*** TASK DATA Section Begins ***
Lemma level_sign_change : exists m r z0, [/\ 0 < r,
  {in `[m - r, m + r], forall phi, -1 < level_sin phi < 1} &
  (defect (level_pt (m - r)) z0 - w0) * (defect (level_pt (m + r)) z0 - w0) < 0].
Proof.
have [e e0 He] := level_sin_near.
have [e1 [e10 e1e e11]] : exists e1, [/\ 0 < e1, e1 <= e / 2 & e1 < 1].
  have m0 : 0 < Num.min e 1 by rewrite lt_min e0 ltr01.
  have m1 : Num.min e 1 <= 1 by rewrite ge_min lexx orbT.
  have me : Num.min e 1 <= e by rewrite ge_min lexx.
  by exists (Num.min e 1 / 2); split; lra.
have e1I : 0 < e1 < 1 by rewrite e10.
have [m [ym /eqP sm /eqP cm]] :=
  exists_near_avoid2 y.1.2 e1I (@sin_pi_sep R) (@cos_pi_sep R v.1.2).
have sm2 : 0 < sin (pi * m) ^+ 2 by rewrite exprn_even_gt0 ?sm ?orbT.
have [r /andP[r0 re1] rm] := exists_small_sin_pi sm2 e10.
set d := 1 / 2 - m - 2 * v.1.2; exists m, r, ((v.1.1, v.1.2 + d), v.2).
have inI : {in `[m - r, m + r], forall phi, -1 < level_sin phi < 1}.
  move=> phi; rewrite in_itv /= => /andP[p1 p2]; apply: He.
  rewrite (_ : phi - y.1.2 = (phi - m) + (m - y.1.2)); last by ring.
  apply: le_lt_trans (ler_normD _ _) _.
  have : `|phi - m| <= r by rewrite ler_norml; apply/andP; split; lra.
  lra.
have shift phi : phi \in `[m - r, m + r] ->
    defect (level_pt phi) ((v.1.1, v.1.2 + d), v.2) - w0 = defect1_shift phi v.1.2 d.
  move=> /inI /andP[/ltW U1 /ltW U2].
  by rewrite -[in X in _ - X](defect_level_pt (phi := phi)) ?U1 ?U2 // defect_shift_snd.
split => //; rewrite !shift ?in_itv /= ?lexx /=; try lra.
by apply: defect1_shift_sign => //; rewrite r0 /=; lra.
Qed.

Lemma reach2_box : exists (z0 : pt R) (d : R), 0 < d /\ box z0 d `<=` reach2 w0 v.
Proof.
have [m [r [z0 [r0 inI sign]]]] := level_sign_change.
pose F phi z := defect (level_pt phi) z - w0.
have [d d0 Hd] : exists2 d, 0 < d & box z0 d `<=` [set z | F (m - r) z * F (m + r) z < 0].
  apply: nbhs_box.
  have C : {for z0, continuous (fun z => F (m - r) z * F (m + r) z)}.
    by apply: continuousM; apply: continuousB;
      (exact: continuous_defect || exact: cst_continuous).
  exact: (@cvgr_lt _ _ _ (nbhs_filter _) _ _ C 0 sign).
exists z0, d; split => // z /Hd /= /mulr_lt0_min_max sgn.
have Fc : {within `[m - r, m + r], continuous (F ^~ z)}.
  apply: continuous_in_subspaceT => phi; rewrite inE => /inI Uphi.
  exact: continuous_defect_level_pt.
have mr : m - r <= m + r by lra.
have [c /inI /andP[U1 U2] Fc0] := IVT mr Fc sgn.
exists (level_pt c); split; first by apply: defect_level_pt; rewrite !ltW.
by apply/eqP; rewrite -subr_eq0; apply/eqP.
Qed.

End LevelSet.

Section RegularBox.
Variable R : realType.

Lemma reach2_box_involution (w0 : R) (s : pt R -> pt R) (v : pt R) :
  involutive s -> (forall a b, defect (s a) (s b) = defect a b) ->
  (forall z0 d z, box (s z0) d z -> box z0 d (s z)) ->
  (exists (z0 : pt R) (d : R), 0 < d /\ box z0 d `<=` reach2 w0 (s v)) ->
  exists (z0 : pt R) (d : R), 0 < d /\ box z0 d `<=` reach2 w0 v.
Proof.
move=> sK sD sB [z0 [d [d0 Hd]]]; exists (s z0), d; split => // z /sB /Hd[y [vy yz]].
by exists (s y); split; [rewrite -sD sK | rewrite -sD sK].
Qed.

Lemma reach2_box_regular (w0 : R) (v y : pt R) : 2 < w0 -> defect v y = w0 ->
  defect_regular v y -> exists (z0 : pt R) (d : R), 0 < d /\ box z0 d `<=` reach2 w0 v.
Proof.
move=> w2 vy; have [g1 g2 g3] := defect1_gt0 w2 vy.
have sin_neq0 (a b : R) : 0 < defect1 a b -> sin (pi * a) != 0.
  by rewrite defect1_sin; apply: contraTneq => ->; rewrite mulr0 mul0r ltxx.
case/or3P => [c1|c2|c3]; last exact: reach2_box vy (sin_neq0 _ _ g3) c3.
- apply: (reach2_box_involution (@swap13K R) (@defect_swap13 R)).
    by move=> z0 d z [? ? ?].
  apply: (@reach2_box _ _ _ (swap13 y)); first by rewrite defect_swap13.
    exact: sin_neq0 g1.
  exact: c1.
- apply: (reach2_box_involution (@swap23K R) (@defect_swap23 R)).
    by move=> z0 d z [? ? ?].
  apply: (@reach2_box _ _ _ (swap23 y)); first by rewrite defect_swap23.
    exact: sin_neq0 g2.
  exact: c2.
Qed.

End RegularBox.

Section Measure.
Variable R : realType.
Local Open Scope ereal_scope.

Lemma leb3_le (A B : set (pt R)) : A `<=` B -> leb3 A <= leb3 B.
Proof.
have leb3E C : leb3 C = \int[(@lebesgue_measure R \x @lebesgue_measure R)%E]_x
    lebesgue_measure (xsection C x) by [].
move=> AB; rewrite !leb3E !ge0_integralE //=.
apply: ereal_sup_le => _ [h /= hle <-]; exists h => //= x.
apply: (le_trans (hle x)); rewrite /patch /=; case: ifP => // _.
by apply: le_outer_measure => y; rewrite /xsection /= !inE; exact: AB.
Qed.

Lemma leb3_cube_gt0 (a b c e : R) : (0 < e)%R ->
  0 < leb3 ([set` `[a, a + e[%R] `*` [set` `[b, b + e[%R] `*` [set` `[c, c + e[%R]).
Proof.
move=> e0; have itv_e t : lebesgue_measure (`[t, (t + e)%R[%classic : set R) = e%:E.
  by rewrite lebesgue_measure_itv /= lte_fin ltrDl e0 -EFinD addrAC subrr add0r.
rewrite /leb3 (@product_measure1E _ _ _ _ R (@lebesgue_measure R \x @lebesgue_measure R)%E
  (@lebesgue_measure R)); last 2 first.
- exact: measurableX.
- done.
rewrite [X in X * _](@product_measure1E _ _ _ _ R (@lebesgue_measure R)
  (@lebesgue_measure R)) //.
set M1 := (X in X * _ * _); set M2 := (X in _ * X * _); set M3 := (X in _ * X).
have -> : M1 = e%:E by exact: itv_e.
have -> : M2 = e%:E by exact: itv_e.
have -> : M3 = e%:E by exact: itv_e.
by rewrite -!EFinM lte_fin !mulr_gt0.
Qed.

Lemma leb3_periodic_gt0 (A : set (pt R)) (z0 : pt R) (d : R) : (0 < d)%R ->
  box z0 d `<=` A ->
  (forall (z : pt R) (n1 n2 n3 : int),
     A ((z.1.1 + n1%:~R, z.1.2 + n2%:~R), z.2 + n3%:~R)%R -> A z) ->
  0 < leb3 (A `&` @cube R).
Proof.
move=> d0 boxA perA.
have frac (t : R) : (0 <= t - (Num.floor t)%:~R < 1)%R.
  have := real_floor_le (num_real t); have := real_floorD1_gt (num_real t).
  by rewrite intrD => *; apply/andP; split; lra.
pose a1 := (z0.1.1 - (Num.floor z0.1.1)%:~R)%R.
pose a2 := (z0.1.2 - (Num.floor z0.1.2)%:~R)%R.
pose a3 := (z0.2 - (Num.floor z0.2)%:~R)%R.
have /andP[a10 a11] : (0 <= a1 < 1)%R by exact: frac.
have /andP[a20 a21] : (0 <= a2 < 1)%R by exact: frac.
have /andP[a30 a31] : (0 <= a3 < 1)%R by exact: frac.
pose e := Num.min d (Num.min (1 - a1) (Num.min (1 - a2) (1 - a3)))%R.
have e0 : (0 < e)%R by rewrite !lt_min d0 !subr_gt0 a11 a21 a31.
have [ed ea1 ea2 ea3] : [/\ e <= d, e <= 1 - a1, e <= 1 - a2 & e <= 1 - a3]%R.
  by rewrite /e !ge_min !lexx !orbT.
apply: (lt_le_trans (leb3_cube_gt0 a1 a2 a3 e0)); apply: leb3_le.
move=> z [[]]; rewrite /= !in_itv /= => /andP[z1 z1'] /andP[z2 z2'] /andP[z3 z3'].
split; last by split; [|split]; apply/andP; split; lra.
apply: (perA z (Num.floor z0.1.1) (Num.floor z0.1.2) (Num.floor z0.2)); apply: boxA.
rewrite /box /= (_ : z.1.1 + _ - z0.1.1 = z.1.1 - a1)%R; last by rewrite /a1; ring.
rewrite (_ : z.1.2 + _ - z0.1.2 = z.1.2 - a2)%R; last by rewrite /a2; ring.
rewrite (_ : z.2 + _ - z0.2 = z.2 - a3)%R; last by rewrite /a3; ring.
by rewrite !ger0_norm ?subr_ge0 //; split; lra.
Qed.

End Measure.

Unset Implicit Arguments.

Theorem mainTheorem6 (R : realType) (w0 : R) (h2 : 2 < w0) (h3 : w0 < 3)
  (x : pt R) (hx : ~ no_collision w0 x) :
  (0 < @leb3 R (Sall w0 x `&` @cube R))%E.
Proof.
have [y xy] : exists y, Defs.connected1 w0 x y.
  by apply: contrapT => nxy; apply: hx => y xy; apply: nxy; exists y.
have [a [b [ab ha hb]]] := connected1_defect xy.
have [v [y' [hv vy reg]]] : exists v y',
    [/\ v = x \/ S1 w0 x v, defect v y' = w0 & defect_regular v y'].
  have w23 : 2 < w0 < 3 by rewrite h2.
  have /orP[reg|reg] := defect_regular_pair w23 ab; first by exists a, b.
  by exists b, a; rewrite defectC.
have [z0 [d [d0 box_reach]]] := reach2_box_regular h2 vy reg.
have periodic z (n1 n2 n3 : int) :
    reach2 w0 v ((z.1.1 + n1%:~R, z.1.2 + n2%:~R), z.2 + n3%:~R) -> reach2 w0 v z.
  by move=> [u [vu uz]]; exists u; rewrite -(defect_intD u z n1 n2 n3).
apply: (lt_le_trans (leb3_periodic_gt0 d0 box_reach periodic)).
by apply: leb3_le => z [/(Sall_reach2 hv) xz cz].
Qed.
*** TASK DATA Section Ends ***
*** TASK DATA Section Begins ***
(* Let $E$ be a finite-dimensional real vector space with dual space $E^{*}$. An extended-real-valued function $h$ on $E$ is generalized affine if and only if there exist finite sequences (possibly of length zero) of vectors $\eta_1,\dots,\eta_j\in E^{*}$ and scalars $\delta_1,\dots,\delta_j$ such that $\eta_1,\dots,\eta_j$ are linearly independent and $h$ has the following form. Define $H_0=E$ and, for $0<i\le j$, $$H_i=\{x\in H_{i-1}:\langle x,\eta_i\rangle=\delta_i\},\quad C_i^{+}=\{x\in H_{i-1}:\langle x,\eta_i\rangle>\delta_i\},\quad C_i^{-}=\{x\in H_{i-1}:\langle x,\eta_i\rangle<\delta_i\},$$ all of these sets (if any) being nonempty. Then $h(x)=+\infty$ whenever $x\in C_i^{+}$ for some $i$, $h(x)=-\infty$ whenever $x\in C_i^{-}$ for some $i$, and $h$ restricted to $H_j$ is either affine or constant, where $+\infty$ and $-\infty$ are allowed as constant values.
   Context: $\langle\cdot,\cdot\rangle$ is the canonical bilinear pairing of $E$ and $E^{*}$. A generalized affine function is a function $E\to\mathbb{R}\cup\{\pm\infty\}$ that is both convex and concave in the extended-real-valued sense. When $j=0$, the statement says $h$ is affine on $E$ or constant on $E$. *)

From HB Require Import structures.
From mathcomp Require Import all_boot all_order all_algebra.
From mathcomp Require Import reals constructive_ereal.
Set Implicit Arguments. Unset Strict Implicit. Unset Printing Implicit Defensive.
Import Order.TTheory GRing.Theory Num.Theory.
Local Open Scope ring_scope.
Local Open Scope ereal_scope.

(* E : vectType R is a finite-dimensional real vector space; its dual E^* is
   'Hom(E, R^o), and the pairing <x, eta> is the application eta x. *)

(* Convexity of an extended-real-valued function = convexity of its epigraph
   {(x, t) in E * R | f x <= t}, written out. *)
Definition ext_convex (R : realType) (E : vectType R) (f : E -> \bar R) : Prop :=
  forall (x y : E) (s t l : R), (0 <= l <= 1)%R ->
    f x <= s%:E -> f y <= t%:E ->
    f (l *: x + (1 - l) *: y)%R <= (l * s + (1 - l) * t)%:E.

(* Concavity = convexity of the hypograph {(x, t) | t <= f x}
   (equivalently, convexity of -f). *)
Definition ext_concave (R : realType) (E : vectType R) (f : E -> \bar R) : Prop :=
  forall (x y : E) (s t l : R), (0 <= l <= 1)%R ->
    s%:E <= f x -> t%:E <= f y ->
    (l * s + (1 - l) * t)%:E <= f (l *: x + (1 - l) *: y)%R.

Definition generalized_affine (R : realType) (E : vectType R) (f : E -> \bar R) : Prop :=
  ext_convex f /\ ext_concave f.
*** TASK DATA Section Ends ***
From the line containing "Lemma level_sign_change : exists" down to the line containing "have m1 : Num.min" in the material above, reproduce every line exactly, including the two end lines.

■ **RESPONSE**:
Lemma level_sign_change : exists m r z0, [/\ 0 < r,
  {in `[m - r, m + r], forall phi, -1 < level_sin phi < 1} &
  (defect (level_pt (m - r)) z0 - w0) * (defect (level_pt (m + r)) z0 - w0) < 0].
Proof.
have [e e0 He] := level_sin_near.
have [e1 [e10 e1e e11]] : exists e1, [/\ 0 < e1, e1 <= e / 2 & e1 < 1].
  have m0 : 0 < Num.min e 1 by rewrite lt_min e0 ltr01.
  have m1 : Num.min e 1 <= 1 by rewrite ge_min lexx orbT.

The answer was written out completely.